*** SOURCE DATA ***
(* Let $n$ be an odd composite integer. Then $|S(n)| = 2$ if and only if (1) $n$ is divisible by some prime $p \equiv 3 \pmod 4$, and (2) $\gcd(p', (n/p)') = 1$ for every prime $p$ dividing $n$.
   Context: For a positive integer $m$, $m'$ denotes the odd part of $m-1$ (so $m-1 = 2^k m'$ with $m'$ odd). The set of strong liars of $n$ (with $n - 1 = 2^k n'$, $n'$ odd) is $S(n) = \{ a \bmod n : a^{n'} \equiv 1 \pmod n \text{ or } a^{2^i n'} \equiv -1 \pmod n \text{ for some } 0 \le i < k\}$. *)

From mathcomp Require Import all_boot.
Set Implicit Arguments. Unset Strict Implicit. Unset Printing Implicit Defensive.

(* odd part of m - 1: m - 1 = 2^k * m' with m' odd (for m >= 2) *)
Definition two_exp (m : nat) : nat := logn 2 m.-1.
Definition oddpart1 (m : nat) : nat := m.-1 %/ 2 ^ two_exp m.

Definition strong_liar (n a : nat) : bool :=
  (a ^ oddpart1 n %% n == 1 %% n) ||
  [exists i : 'I_(two_exp n), (a ^ (2 ^ i * oddpart1 n) + 1) %% n == 0].

Definition S (n : nat) : {set 'I_n} := [set a : 'I_n | strong_liar n a].

From mathcomp Require Import all_boot all_algebra cyclic zify.
Import GRing.Theory.
Set Implicit Arguments. Unset Strict Implicit. Unset Printing Implicit Defensive.

(* Under condition (2), an odd prime dividing [n'] divides neither [n] nor any
   [p - 1] with [p | n], hence [gcd(n', phi n) = 1] and [a^n' = 1 (mod n)]
   forces [a = 1]. A prime [r = 3 (mod 4)] dividing [n] rules out
   [a^(2^i n') = -1] for [i > 0], since [-1] is not a square modulo [r], and
   [a^n' = -1] means [(-a)^n' = 1], i.e. [a = -1]. So [S(n) = {1, -1}].
   Conversely, if every prime factor of [n] is [1 (mod 4)] then [4 | n - 1] and
   [-1] has a square root [x] modulo [n], which is a third strong liar since
   [x^(2n') = -1]. If an odd prime [q] divides [p'] and [(n/p)'], then [q | n'],
   and the element that is [1] modulo [n/p^e] and of order [q] modulo [p^e]
   is a third strong liar with [x^n' = 1]. *)


Lemma dvdn_addX_odd x y t : odd t -> x + y %| x ^ t + y ^ t.
Proof.
move=> t_odd; suff : (Posz (x + y) %| Posz (x ^ t + y ^ t))%Z by rewrite dvdzE.
have -> : (Posz (x ^ t + y ^ t) = x%:Z ^+ t - (- y%:Z) ^+ t)%R.
  by rewrite exprNn -signr_odd t_odd mulN1r opprK PoszD -!natz -!natrX.
by rewrite subrXX opprK PoszD dvdz_mulr.
Qed.

Lemma dvdn_X_add1 d y t : odd t -> d %| y + 1 -> d %| y ^ t + 1.
Proof. by move=> t_odd /dvdn_trans; apply; rewrite -{2}(exp1n t) dvdn_addX_odd. Qed.

Lemma dvdn_X_add1_mod d x y t :
  x = y %[mod d] -> (d %| x ^ t + 1) = (d %| y ^ t + 1).
Proof. by move=> x_y; rewrite /dvdn -modnDml -modnXm x_y modnXm modnDml. Qed.

Lemma eqn_mod1 d u : 0 < u -> (u == 1 %[mod d]) = (d %| u.-1).
Proof. by move=> u_gt0; rewrite eqn_mod_dvd // subn1. Qed.

Lemma sqr_mod1 d y : d %| y + 1 -> y ^ 2 = 1 %[mod d].
Proof.
case: (posnP y) => [-> | y_gt0]; first by rewrite dvdn1 => /eqP ->; rewrite !modn1.
move=> dvd_y1; apply/eqP; rewrite eqn_mod1 ?expn_gt0 ?y_gt0 //.
by rewrite -subn1 -{2}(exp1n 2) subn_sqr dvdn_mull.
Qed.

Lemma dvdn_add1_neq_mod1 d y : 2 < d -> d %| y + 1 -> y != 1 %[mod d].
Proof.
move=> d_gt2 /dvdnP[c def_y1]; apply/eqP => y_1.
suff : 2 %% d = 0 by rewrite modn_small.
by rewrite -[2]/(1 + 1) -modnDml -y_1 modnDml def_y1 modnMl.
Qed.

Lemma expn_mod1_gcdn d x a b : 0 < a ->
  x ^ a = 1 %[mod d] -> x ^ b = 1 %[mod d] -> x ^ gcdn a b = 1 %[mod d].
Proof.
move=> a_gt0 xa xb; have [c _ /dvdnP[t def_cb]] := Bezoutl b a_gt0.
have xc : x ^ (c * b) = 1 %[mod d] by rewrite mulnC expnM -modnXm xb modnXm exp1n.
rewrite -(muln1 (x ^ _)) -modnMmr -xc modnMmr -expnD def_cb.
by rewrite mulnC expnM -modnXm xa modnXm exp1n.
Qed.

Lemma fermat_predn p y : prime p -> ~~ (p %| y) -> y ^ p.-1 = 1 %[mod p].
Proof.
move=> p_pr p_ndvd_y; rewrite -totient_prime //; apply: Euler_exp_totient.
by rewrite coprime_sym prime_coprime.
Qed.

Lemma fermat_little_expn p g j : prime p -> g ^ p ^ j = g %[mod p].
Proof.
move=> p_pr; elim: j => [|j IHj]; first by rewrite expn1.
by rewrite expnSr expnM -modnXm IHj modnXm fermat_little.
Qed.

(* The step [u = 1 mod p^(j+1) -> u^p = 1 mod p^(j+2)] holds because
   [u^p - 1 = (u - 1) (1 + u + ... + u^(p-1))] and the second factor is
   [p] modulo [p]. *)
Lemma expn_prime_pow_mod1 p z j : prime p ->
  z = 1 %[mod p] -> z ^ p ^ j = 1 %[mod p ^ j.+1].
Proof.
move=> p_pr z_1; have p_gt1 := prime_gt1 p_pr.
have z_gt0 : 0 < z by case: z z_1 => // /esym; rewrite mod0n modn_small.
elim: j => [|j IHj]; first by rewrite expn1.
have u_gt0 : 0 < z ^ p ^ j by rewrite expn_gt0 z_gt0.
rewrite [p ^ j.+1]expnSr expnM; move: (z ^ p ^ j) u_gt0 IHj => u u_gt0.
move/eqP; rewrite eqn_mod1 // => u_1.
apply/eqP; rewrite eqn_mod1 ?expn_gt0 ?u_gt0 // predn_exp [p ^ _]expnS mulnC.
rewrite dvdn_mul // /dvdn -modn_summ.
have u_1p : u = 1 %[mod p].
  by apply/eqP; rewrite eqn_mod1 // (dvdn_trans _ u_1) // dvdn_exp.
under eq_bigr do rewrite -modnXm u_1p modnXm exp1n.
by rewrite sum_nat_const card_ord modnMr.
Qed.

Lemma exists_nonroot_mod_prime p d : prime p -> 0 < d < p.-1 ->
  exists2 y, ~~ (p %| y) & y ^ d != 1 %[mod p].
Proof.
move=> p_pr /andP[d_gt0 d_lt].
have : ~~ all (d.-unity_root)%R (enum (predC1 (0%R : 'F_p))).
  apply: contraL d_lt => /max_unity_roots /(_ (enum_uniq _)).
  by rewrite -leqNgt -cardE cardC1 card_Fp //; apply.
case/allPn => x; rewrite mem_enum /= => x_neq0 x_nonroot.
exists x.
  apply: contra x_neq0 => /eqP x_0.
  by rewrite -[x]natr_Zp -(Fp_nat_mod p_pr) x_0.
apply: contra x_nonroot => /eqP x_d; rewrite unity_rootE.
by rewrite -(natr_Zp x) -natrX -(Fp_nat_mod p_pr) x_d Fp_nat_mod.
Qed.

Lemma exists_root_mod_prime_power p k l j : prime p -> k %| p.-1 -> 0 < l < k ->
  exists h, h ^ k = 1 %[mod p ^ j.+1] /\ h ^ l != 1 %[mod p].
Proof.
move=> p_pr k_dvd /andP[l_gt0 l_lt]; set c := p.-1 %/ k.
have c_k : c * k = p.-1 by rewrite divnK.
have p1_gt0 : 0 < p.-1 by rewrite -subn1 subn_gt0 prime_gt1.
have k_gt0 : 0 < k by apply: leq_trans l_gt0 (ltnW l_lt).
have c_gt0 : 0 < c by rewrite divn_gt0 // dvdn_leq.
have [|y p_ndvd_y y_lc] := @exists_nonroot_mod_prime p (l * c) p_pr.
  by rewrite muln_gt0 l_gt0 c_gt0 /= -c_k mulnC ltn_pmul2l.
exists ((y ^ c) ^ p ^ j); split.
  rewrite expnAC; apply: expn_prime_pow_mod1 => //.
  by rewrite -expnM c_k fermat_predn.
by rewrite expnAC (fermat_little_expn _ _ p_pr) -expnM mulnC.
Qed.

Lemma odd_mod4 p : odd p -> p %% 4 != 3 -> p %% 4 = 1.
Proof.
move=> p_odd; have : odd (p %% 4) by rewrite odd_mod.
by case: (p %% 4) (ltn_pmod p (isT : 0 < 4)) => [|[|[|[|]]]].
Qed.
*** End of SOURCE DATA ***
_WHAT IS BEING ASKED:_ What should appear is an exact copy of the lines from the one with "by rewrite -[x]natr_Zp" through the end of the entries above, ends included, and no other text.

_ANSWER TO THIS TASK:_
  by rewrite -[x]natr_Zp -(Fp_nat_mod p_pr) x_0.
apply: contra x_nonroot => /eqP x_d; rewrite unity_rootE.
by rewrite -(natr_Zp x) -natrX -(Fp_nat_mod p_pr) x_d Fp_nat_mod.
Qed.

Lemma exists_root_mod_prime_power p k l j : prime p -> k %| p.-1 -> 0 < l < k ->
  exists h, h ^ k = 1 %[mod p ^ j.+1] /\ h ^ l != 1 %[mod p].
Proof.
move=> p_pr k_dvd /andP[l_gt0 l_lt]; set c := p.-1 %/ k.
have c_k : c * k = p.-1 by rewrite divnK.
have p1_gt0 : 0 < p.-1 by rewrite -subn1 subn_gt0 prime_gt1.
have k_gt0 : 0 < k by apply: leq_trans l_gt0 (ltnW l_lt).
have c_gt0 : 0 < c by rewrite divn_gt0 // dvdn_leq.
have [|y p_ndvd_y y_lc] := @exists_nonroot_mod_prime p (l * c) p_pr.
  by rewrite muln_gt0 l_gt0 c_gt0 /= -c_k mulnC ltn_pmul2l.
exists ((y ^ c) ^ p ^ j); split.
  rewrite expnAC; apply: expn_prime_pow_mod1 => //.
  by rewrite -expnM c_k fermat_predn.
by rewrite expnAC (fermat_little_expn _ _ p_pr) -expnM mulnC.
Qed.

Lemma odd_mod4 p : odd p -> p %% 4 != 3 -> p %% 4 = 1.
Proof.
move=> p_odd; have : odd (p %% 4) by rewrite odd_mod.
by case: (p %% 4) (ltn_pmod p (isT : 0 < 4)) => [|[|[|[|]]]].
Qed.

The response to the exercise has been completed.